§ WHAT IS NEEDED
Only the lines running from the line with "move=> Pi' x0s sD." to the end of the records below belong in the answer, each copied exactly.

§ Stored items
Lemma sum_unif_neq (S : {set K}) (x0 : K) : x0 \in S ->
  \sum_(x | x != x0) unif S x = 1 - #|S|%:R^-1 :> R.
Proof.
move=> Sx0; have S0 : (0 < #|S|)%N by apply/card_gt0P; exists x0.
have := sum_unif S S0; rewrite (bigD1 x0) //= /unif Sx0 mul1r; lra.
Qed.

Lemma prod_sum_unif_miss (I : finType) (P : pred I) (s : I -> {set K})
    (i' : I) (x0 : K) (D : nat) :
  P i' -> x0 \in s i' -> (#|s i'| <= D)%N ->
  \prod_(h | P h) \sum_(x | (h != i') || (x != x0)) unif (s h) x <= 1 - D%:R^-1 :> R.
Proof.
move=> Pi' x0s sD.
have s0 : (0 < #|s i'|)%N by apply/card_gt0P; exists x0.
rewrite (bigD1 i') //= eqxx /= sum_unif_neq //.
have ge0 : 0 <= 1 - (#|s i'|%:R : R)^-1 by rewrite subr_ge0 invf_le1 ?ler1n ?ltr0n.
apply: le_trans (_ : (1 - (#|s i'|%:R : R)^-1) * 1 <= _).
  apply: ler_wpM2l => //; apply: prodr_ile1 => h _.
  by rewrite sumr_ge0 ?sum_unif_le1 // => x _; exact: unif_ge0.
rewrite mulr1 lerD2l lerN2 lef_pV2 ?posrE ?ltr0n ?ler_nat //.
exact: leq_trans s0 sD.
Qed.

End UniformSampling.

Section RealBounds.
Variable R : realType.

Lemma expr_one_sub_inv_le (D : R) (t : nat) : 1 <= D ->
  (1 - D^-1) ^+ t <= expR (- (t%:R / D)).
Proof.
move=> D1; have D0 : 0 < D by apply: lt_le_trans D1.
apply: le_trans (_ : expR (- D^-1) ^+ t <= _).
  apply: lerXn2r; rewrite ?nnegrE ?expR_ge0 ?expR_ge1Dx //.
  by rewrite subr_ge0 invf_le1.
by rewrite -expRM_natl mulrN mulrC.
Qed.

Lemma inv_one_sub_expR_le (y : R) : 0 < y -> (1 - expR (- y^-1))^-1 <= y + 1.
Proof.
move=> y0.
have q_le : expR (- y^-1) <= y / (y + 1).
  rewrite expRN -[y / _]invf_div lef_pV2 ?posrE ?expR_gt0 ?divr_gt0 ?addr_gt0 //.
  have -> : (y + 1) / y = 1 + y^-1 by field; rewrite lt0r_neq0.
  exact: expR_ge1Dx.
have q_lt1 : expR (- y^-1) < 1 by rewrite expR_lt1 oppr_lt0 invr_gt0.
rewrite -[leRHS]invrK lef_pV2 ?posrE ?invr_gt0 ?subr_gt0 ?addr_gt0 //.
suff : 1 - y / (y + 1) = (y + 1)^-1 by lra.
by field; rewrite lt0r_neq0 // addr_gt0.
Qed.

§ ANSWER TO THE EXERCISE
move=> Pi' x0s sD.
have s0 : (0 < #|s i'|)%N by apply/card_gt0P; exists x0.
rewrite (bigD1 i') //= eqxx /= sum_unif_neq //.
have ge0 : 0 <= 1 - (#|s i'|%:R : R)^-1 by rewrite subr_ge0 invf_le1 ?ler1n ?ltr0n.
apply: le_trans (_ : (1 - (#|s i'|%:R : R)^-1) * 1 <= _).
  apply: ler_wpM2l => //; apply: prodr_ile1 => h _.
  by rewrite sumr_ge0 ?sum_unif_le1 // => x _; exact: unif_ge0.
rewrite mulr1 lerD2l lerN2 lef_pV2 ?posrE ?ltr0n ?ler_nat //.
exact: leq_trans s0 sD.
Qed.

End UniformSampling.

Section RealBounds.
Variable R : realType.

Lemma expr_one_sub_inv_le (D : R) (t : nat) : 1 <= D ->
  (1 - D^-1) ^+ t <= expR (- (t%:R / D)).
Proof.
move=> D1; have D0 : 0 < D by apply: lt_le_trans D1.
apply: le_trans (_ : expR (- D^-1) ^+ t <= _).
  apply: lerXn2r; rewrite ?nnegrE ?expR_ge0 ?expR_ge1Dx //.
  by rewrite subr_ge0 invf_le1.
by rewrite -expRM_natl mulrN mulrC.
Qed.

Lemma inv_one_sub_expR_le (y : R) : 0 < y -> (1 - expR (- y^-1))^-1 <= y + 1.
Proof.
move=> y0.
have q_le : expR (- y^-1) <= y / (y + 1).
  rewrite expRN -[y / _]invf_div lef_pV2 ?posrE ?expR_gt0 ?divr_gt0 ?addr_gt0 //.
  have -> : (y + 1) / y = 1 + y^-1 by field; rewrite lt0r_neq0.
  exact: expR_ge1Dx.
have q_lt1 : expR (- y^-1) < 1 by rewrite expR_lt1 oppr_lt0 invr_gt0.
rewrite -[leRHS]invrK lef_pV2 ?posrE ?invr_gt0 ?subr_gt0 ?addr_gt0 //.
suff : 1 - y / (y + 1) = (y + 1)^-1 by lra.
by field; rewrite lt0r_neq0 // addr_gt0.
Qed.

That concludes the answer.